Stored items
# # #

Lemma entries_lt_supp (T : seq (seq 'I_n)) : content T = mnm_of_seq n (seq_of_mnm m) ->
  forall x, x \in flatten T -> val x < k.
Proof.
move=> Hc x Hx.
have : 0 < content T x by rewrite content_flatten -has_count has_pred1.
rewrite Hc mnmE => H0; case: (ltnP (val x) k) => // H.
by move: H0; rewrite nth_default // size_seq_of_mnm.
Qed.

Lemma content_compress (T : seq (seq 'I_n)) :
  content T = m -> content (map (map compress) T) = mnm_of_seq n (seq_of_mnm m).
Proof.
move=> Hc; have HS := entries_mem_supp Hc.
apply/mnmP => j; rewrite !mnmE count_entries -map_flatten count_map.
rewrite (eq_in_count (a2 := fun x => index x S == val j)); last first.
  by move=> x Hx /=; rewrite -val_eqE val_compress // HS.
case: (ltnP (val j) k) => Hj.
  rewrite (eq_in_count (a2 := pred1 (nth x0 S j))); last first.
    move=> x Hx /=; apply/eqP/eqP => [<-|->]; first by rewrite nth_index // HS.
    by rewrite index_uniq // mnm_supp_uniq.
  by rewrite -content_flatten Hc /seq_of_mnm (nth_map x0).
rewrite nth_default ?size_seq_of_mnm //.
apply/eqP; rewrite -leqn0 leqNgt -has_count; apply/hasP => [[x Hx /eqP E]].
by move: (HS x Hx); rewrite -index_mem E ltnNge Hj.
Qed.

Lemma content_expand (T : seq (seq 'I_n)) :
  content T = mnm_of_seq n (seq_of_mnm m) -> content (map (map expand) T) = m.
Proof.
move=> Hc; have Hk := entries_lt_supp Hc.
apply/mnmP => i; rewrite !mnmE count_entries -map_flatten count_map.
case HiS: (i \in S).
  rewrite (eq_in_count (a2 := fun x : 'I_n => val x == index i S)); last first.
    move=> x Hx /=; apply/eqP/eqP => [<-|E]; first by rewrite index_expand // Hk.
    by rewrite /expand E nth_index.
  have Hidx : index i S < n by apply: leq_trans (size_mnm_supp m); rewrite index_mem.
  have := esym (content_flatten T (Ordinal Hidx)); rewrite Hc mnmE /= => E.
  rewrite (eq_count (a2 := pred1 (Ordinal Hidx))); last by move=> x /=; rewrite -val_eqE.
  rewrite E.
  by rewrite /seq_of_mnm (nth_map i) ?index_mem // nth_index.
rewrite (eq_in_count (a2 := pred0)); last first.
  move=> x Hx /=; apply/negbTE/eqP => E.
  by move: (expand_mem (Hk x Hx)); rewrite E HiS.
rewrite count_pred0; apply/esym/eqP; move/negbT: HiS; by rewrite mem_mnm_supp negbK.
Qed.

Lemma count_CT_content_compress g : is_comp g ->
  count (fun T => is_CT g T && (content T == m)) (fillings n g) =
  count (fun T => is_CT g T && (content T == mnm_of_seq n (seq_of_mnm m))) (fillings n g).
Proof.
move=> Hg; apply/eqP; rewrite eqn_leq.
rewrite (@count_CT_relabel_leq _ _ _ [pred x | x \in S] compress expand) //=; last first.
- by move=> T Hc; split; [apply: entries_mem_supp | apply: content_compress].
- exact: expand_compress.
- exact: compress_lt.
rewrite (@count_CT_relabel_leq _ _ _ [pred j | val j < k] expand compress) //=.
- exact: expand_lt.
- exact: compress_expand.
- by move=> T Hc; split; [apply: entries_lt_supp | apply: content_expand].
Qed.

End Relabel.

Local Open Scope ring_scope.
Lemma QS_coef_compress g m : is_comp g ->
  (QS n g)@_m = (QS n g)@_(mnm_of_seq n (seq_of_mnm m)).
Proof. by move=> Hg; rewrite !QS_coef count_CT_content_compress. Qed.

End Quasisymmetry.

Section Expansion.
Variable n : nat.
Local Open Scope ring_scope.

Definition QS_expandable (f : {mpoly rat[n]}) := exists s c, QS_expansion f s c.

Lemma QS_expandable0 : QS_expandable 0.
Proof. by exists [::], (fun=> 0); split=> [||g|]; rewrite ?eqxx ?big_nil. Qed.

Lemma QS_expandable_QS g : is_comp g -> (size g <= n)%N -> QS_expandable (QS n g).
Proof.
move=> Hg Hgn; exists [:: g], (fun h => (h == g)%:R); split=> //.
- by move=> h; rewrite inE => /eqP ->; split.
- by move=> h; rewrite inE; case: (h =P g); rewrite ?eqxx.
- by rewrite big_seq1 eqxx scale1r.
Qed.

Lemma QS_expandableZ r f : QS_expandable f -> QS_expandable (r *: f).
Proof.
move=> [s [c [Hu Hs Hc Hf]]]; exists s, (fun g => r * c g); split=> //.
- by move=> g Hg; apply: Hc; apply: contraNneq Hg => ->; rewrite mulr0.
- by rewrite Hf scaler_sumr; apply: eq_bigr => g _; rewrite scalerA.
Qed.

Lemma big_scale_support (s s' : seq (seq nat)) (c : seq nat -> rat)
    (F : seq nat -> {mpoly rat[n]}) :
  uniq s -> uniq s' -> {subset s <= s'} -> (forall g, c g != 0 -> g \in s) ->
  \sum_(g <- s') c g *: F g = \sum_(g <- s) c g *: F g.
Proof.
move=> Hu Hu' Hsub Hc; rewrite (bigID (mem s)) /= [X in _ + X]big1 ?addr0; last first.
  by move=> g Hg; case: (eqVneq (c g) 0) => [->|/Hc]; rewrite ?scale0r // (negbTE Hg).
rewrite -big_filter; apply/perm_big/uniq_perm; rewrite ?filter_uniq // => g.
by rewrite mem_filter andb_idr // => /Hsub.
Qed.

Lemma QS_expandableD f1 f2 : QS_expandable f1 -> QS_expandable f2 -> QS_expandable (f1 + f2).
Proof.
move=> [s1 [c1 [Hu1 Hs1 Hc1 Hf1]]] [s2 [c2 [Hu2 Hs2 Hc2 Hf2]]].
have Sub1 : {subset s1 <= undup (s1 ++ s2)} by move=> g Hg; rewrite mem_undup mem_cat Hg.
have Sub2 : {subset s2 <= undup (s1 ++ s2)}.
  by move=> g Hg; rewrite mem_undup mem_cat Hg orbT.
exists (undup (s1 ++ s2)), (fun g => c1 g + c2 g); split.
- exact: undup_uniq.
- by move=> g; rewrite mem_undup mem_cat => /orP[/Hs1|/Hs2].
- move=> g Hg; case: (eqVneq (c1 g) 0) => [H1|/Hc1/Sub1//].
  by apply: Sub2; apply: Hc2; move: Hg; rewrite H1 add0r.
- under eq_bigr do rewrite scalerDl.
  by rewrite big_split /= Hf1 Hf2 (big_scale_support _ Hu1 _ Sub1 Hc1)
     ?(big_scale_support _ Hu2 _ Sub2 Hc2) ?undup_uniq.
Qed.

Lemma QS_expandable_sum (I : eqType) (r : seq I) (F : I -> {mpoly rat[n]}) :
  (forall i, i \in r -> QS_expandable (F i)) -> QS_expandable (\sum_(i <- r) F i).
Proof.
elim: r => [|i r IH] H; first by rewrite big_nil; apply: QS_expandable0.
rewrite big_cons; apply: QS_expandableD; first by apply: H; rewrite inE eqxx.
by apply: IH => j Hj; apply: H; rewrite inE Hj orbT.
Qed.

Lemma QS_expandableB f1 f2 : QS_expandable f1 -> QS_expandable f2 -> QS_expandable (f1 - f2).
Proof. by move=> H1 H2; rewrite -scaleN1r; apply: QS_expandableD => //; apply: QS_expandableZ. Qed.

Variable x0 : 'I_n.

Definition QS_support (g : seq nat) := undup [seq seq_of_mnm m | m <- msupp (QS n g)].

Lemma QS_support_comp g b : b \in QS_support g -> is_comp b /\ (size b <= n)%N.
Proof.
rewrite mem_undup => /mapP[m _ ->]; split; first exact: seq_of_mnm_comp.
by rewrite size_seq_of_mnm size_mnm_supp.
Qed.

Lemma QS_Mmon_expansion g : is_comp g ->
  QS n g = \sum_(b <- QS_support g) (kostka n g b)%:R *: Mmon n b.
Proof.
move=> Hg; apply/mpolyP => m; rewrite [RHS]raddf_sum /=.
rewrite big_seq (eq_bigr (fun b => (kostka n g b)%:R * (seq_of_mnm m == b)%:R)); last first.
  by move=> b /QS_support_comp[Hb _]; rewrite mcoeffZ Mmon_coef.
rewrite -big_seq (QS_coef_compress x0) // QS_coef_kostka.
case: (boolP (seq_of_mnm m \in QS_support g)) => Hin.
  rewrite (bigD1_seq (seq_of_mnm m)) ?undup_uniq //= eqxx mulr1 big1 ?addr0 //.
  by move=> b Hb; rewrite eq_sym (negbTE Hb) mulr0.
rewrite big_seq big1; last first.
  by move=> b Hb; case: eqP => [E|]; [move: Hin; rewrite E Hb | rewrite mulr0].
rewrite -QS_coef_kostka -(QS_coef_compress x0) //; apply/eqP; rewrite mcoeff_eq0.
by apply: contra Hin => Hm; rewrite mem_undup map_f.
Qed.

(* Induction along revlex: [M_a] is [S_a] minus a combination of [M_b] with [a] above [b]. *)
Lemma Mmon_expandable N a : (revlex_rank (sumn a) a < N)%N -> is_comp a -> (size a <= n)%N ->
  QS_expandable (Mmon n a).
Proof.
elim: N a => [|N IH] a // HN Ha Han.
have Hdec := QS_Mmon_expansion Ha; have HK := kostka_diag x0 Ha Han.
have Hain : a \in QS_support a.
  rewrite mem_undup; apply/mapP; exists (mnm_of_seq n a); last by rewrite seq_of_mnm_of_seq.
  by rewrite mcoeff_msupp QS_coef_kostka HK oner_eq0.
rewrite (bigD1_seq a) ?undup_uniq //= HK scale1r in Hdec.
have -> : Mmon n a = QS n a - \sum_(b <- QS_support a | b != a) (kostka n a b)%:R *: Mmon n b.
  by rewrite Hdec addrK.
apply: QS_expandableB; first exact: QS_expandable_QS.
rewrite -big_filter; apply: QS_expandable_sum => b; rewrite mem_filter => /andP[Hne Hb].
have [Hbc Hbn] := QS_support_comp Hb.
case: (eqVneq (kostka n a b) 0%N) => [->|HK0]; first by rewrite scale0r; apply: QS_expandable0.
apply/QS_expandableZ/IH => //.
case: (kostka_triangular Ha Hbc Hbn HK0) => [E|Hab]; first by rewrite E eqxx in Hne.
by case: (Hab) => Hs _; rewrite -Hs; exact: leq_trans (revlex_rank_lt Ha Hbc Hab) HN.
Qed.

Lemma QS_expansion_coef f s c b : QS_expansion f s c ->
  f@_(mnm_of_seq n b) = \sum_(g <- s) c g * (kostka n g b)%:R.
Proof.
by case=> _ _ _ ->; rewrite raddf_sum /=; apply: eq_bigr => g _; rewrite mcoeffZ QS_coef_kostka.
Qed.

(* Unitriangularity of [kostka]: at a composition [b] with no nonzero coefficient
   strictly above it, the coefficient of [x^b] is the coefficient of [S_b]. *)
Lemma QS_expansion_coef_top f s c b : QS_expansion f s c -> is_comp b -> (size b <= n)%N ->
  (forall g, c g != 0 -> ~ revlex_gt g b) -> f@_(mnm_of_seq n b) = c b.
Proof.
move=> Hexp Hb Hbn Htop; have [Hu Hs Hc _] := Hexp.
have Hterm g : g \in s -> c g * (kostka n g b)%:R = if g == b then c g else 0.
  move=> Hg; case: eqP => [->|Hne]; first by rewrite kostka_diag // mulr1.
  case: (eqVneq (c g) 0) => [->|Hcg]; first by rewrite mul0r.
  have [Hgc _] := Hs g Hg.
  case: (eqVneq (kostka n g b) 0%N) => [->|HK]; first by rewrite mulr0.
  by case: (kostka_triangular Hgc Hb Hbn HK) => [/esym|/(Htop g Hcg)].
rewrite (QS_expansion_coef _ Hexp) big_seq (eq_bigr _ Hterm) -big_seq.
case: (boolP (b \in s)) => Hbs.
  by rewrite -big_mkcond -big_filter filter_pred1_uniq // big_seq1.
rewrite big_seq big1; last by move=> g Hg; case: eqP Hg => [-> |//]; rewrite (negbTE Hbs).
by apply/esym/eqP; apply: contraNT Hbs => /Hc.
Qed.

Lemma Mmon_expansion_triangular a s c : is_comp a -> (size a <= n)%N ->
  QS_expansion (Mmon n a) s c -> c a = 1 /\ (forall g, revlex_gt g a -> c g = 0).
Proof.
move=> Ha Han Hexp; have [_ Hs Hc _] := Hexp.
set rank := revlex_rank (sumn a).
have Mcoef b : is_comp b -> (size b <= n)%N -> (Mmon n a)@_(mnm_of_seq n b) = (b == a)%:R.
  by move=> Hb Hbn; rewrite Mmon_coef // seq_of_mnm_of_seq.
have Habove g : c g != 0 -> revlex_gt g a ->
    [&& c g != 0, sumn g == sumn a & (rank a < rank g)%N].
  move=> Hcg [Hsg H]; have [Hgc _] := Hs g (Hc g Hcg).
  by rewrite Hcg Hsg eqxx /rank -Hsg (revlex_rank_lt Hgc Ha (conj Hsg H)).
(* A nonzero coefficient above [a] of maximal rank would sit at a monomial absent from [M_a]. *)
have Hzero g : revlex_gt g a -> c g = 0.
  move=> Hga; apply/eqP; apply: contraT => Hcg.
  have : has (fun g => [&& c g != 0, (sumn g == sumn a)%N & (rank a < rank g)%N]) s.
    by apply/hasP; exists g; [apply: Hc | apply: Habove].
  case/(seq_argmax rank) => g0 /and4P[Hg0 Hc0 /eqP Hd0 Hr0] Hmax.
  have [Hg0c Hg0n] := Hs g0 Hg0.
  have Hg0a : g0 != a by apply: contraTneq Hr0 => ->; rewrite ltnn.
  suff : (Mmon n a)@_(mnm_of_seq n g0) = c g0.
    by rewrite Mcoef // (negbTE Hg0a) /= => E; move: Hc0; rewrite -E eqxx.
  apply: (QS_expansion_coef_top Hexp Hg0c Hg0n) => g1 Hc1 Hg1.
  have [Hg1c _] := Hs g1 (Hc g1 Hc1).
  have Hr1 : (rank g0 < rank g1)%N.
    by case: (Hg1) => Hs1 _; rewrite /rank -Hd0 -Hs1; apply: revlex_rank_lt.
  have := Hmax g1 (Hc g1 Hc1); rewrite Hc1 /= -Hd0.
  by case: (Hg1) => -> _; rewrite eqxx (ltn_trans Hr0 Hr1) => /(_ isT); rewrite leqNgt Hr1.
split=> //; rewrite -(QS_expansion_coef_top Hexp Ha Han) ?Mcoef ?eqxx // => g Hcg /Hzero.
by move/eqP: Hcg.
Qed.

End Expansion.

Unset Implicit Arguments.
Local Open Scope ring_scope.

Theorem theorem5p3 (n : nat) (a : seq nat) :
  (1 <= n)%N -> is_comp a -> (size a <= n)%N ->
  (exists s c, QS_expansion (Mmon n a) s c) /\
  (forall s c, QS_expansion (Mmon n a) s c ->
     c a = 1 /\ (forall g, revlex_gt g a -> c g = 0)).
Proof.
move=> Hn Ha Han; split; last by move=> s c; apply: (Mmon_expansion_triangular (Ordinal Hn)).
exact: (Mmon_expandable (Ordinal Hn) (ltnSn _)).
Qed.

# # #

**Problem to work on**
Above are the records; from them, give again exactly the lines from the one containing "suff : (Mmon" to the one containing "g a -> c g = 0)).", both lines included, and nothing more.

**Answer to the problem**
  suff : (Mmon n a)@_(mnm_of_seq n g0) = c g0.
    by rewrite Mcoef // (negbTE Hg0a) /= => E; move: Hc0; rewrite -E eqxx.
  apply: (QS_expansion_coef_top Hexp Hg0c Hg0n) => g1 Hc1 Hg1.
  have [Hg1c _] := Hs g1 (Hc g1 Hc1).
  have Hr1 : (rank g0 < rank g1)%N.
    by case: (Hg1) => Hs1 _; rewrite /rank -Hd0 -Hs1; apply: revlex_rank_lt.
  have := Hmax g1 (Hc g1 Hc1); rewrite Hc1 /= -Hd0.
  by case: (Hg1) => -> _; rewrite eqxx (ltn_trans Hr0 Hr1) => /(_ isT); rewrite leqNgt Hr1.
split=> //; rewrite -(QS_expansion_coef_top Hexp Ha Han) ?Mcoef ?eqxx // => g Hcg /Hzero.
by move/eqP: Hcg.
Qed.

End Expansion.

Unset Implicit Arguments.
Local Open Scope ring_scope.

Theorem theorem5p3 (n : nat) (a : seq nat) :
  (1 <= n)%N -> is_comp a -> (size a <= n)%N ->
  (exists s c, QS_expansion (Mmon n a) s c) /\
  (forall s c, QS_expansion (Mmon n a) s c ->
     c a = 1 /\ (forall g, revlex_gt g a -> c g = 0)).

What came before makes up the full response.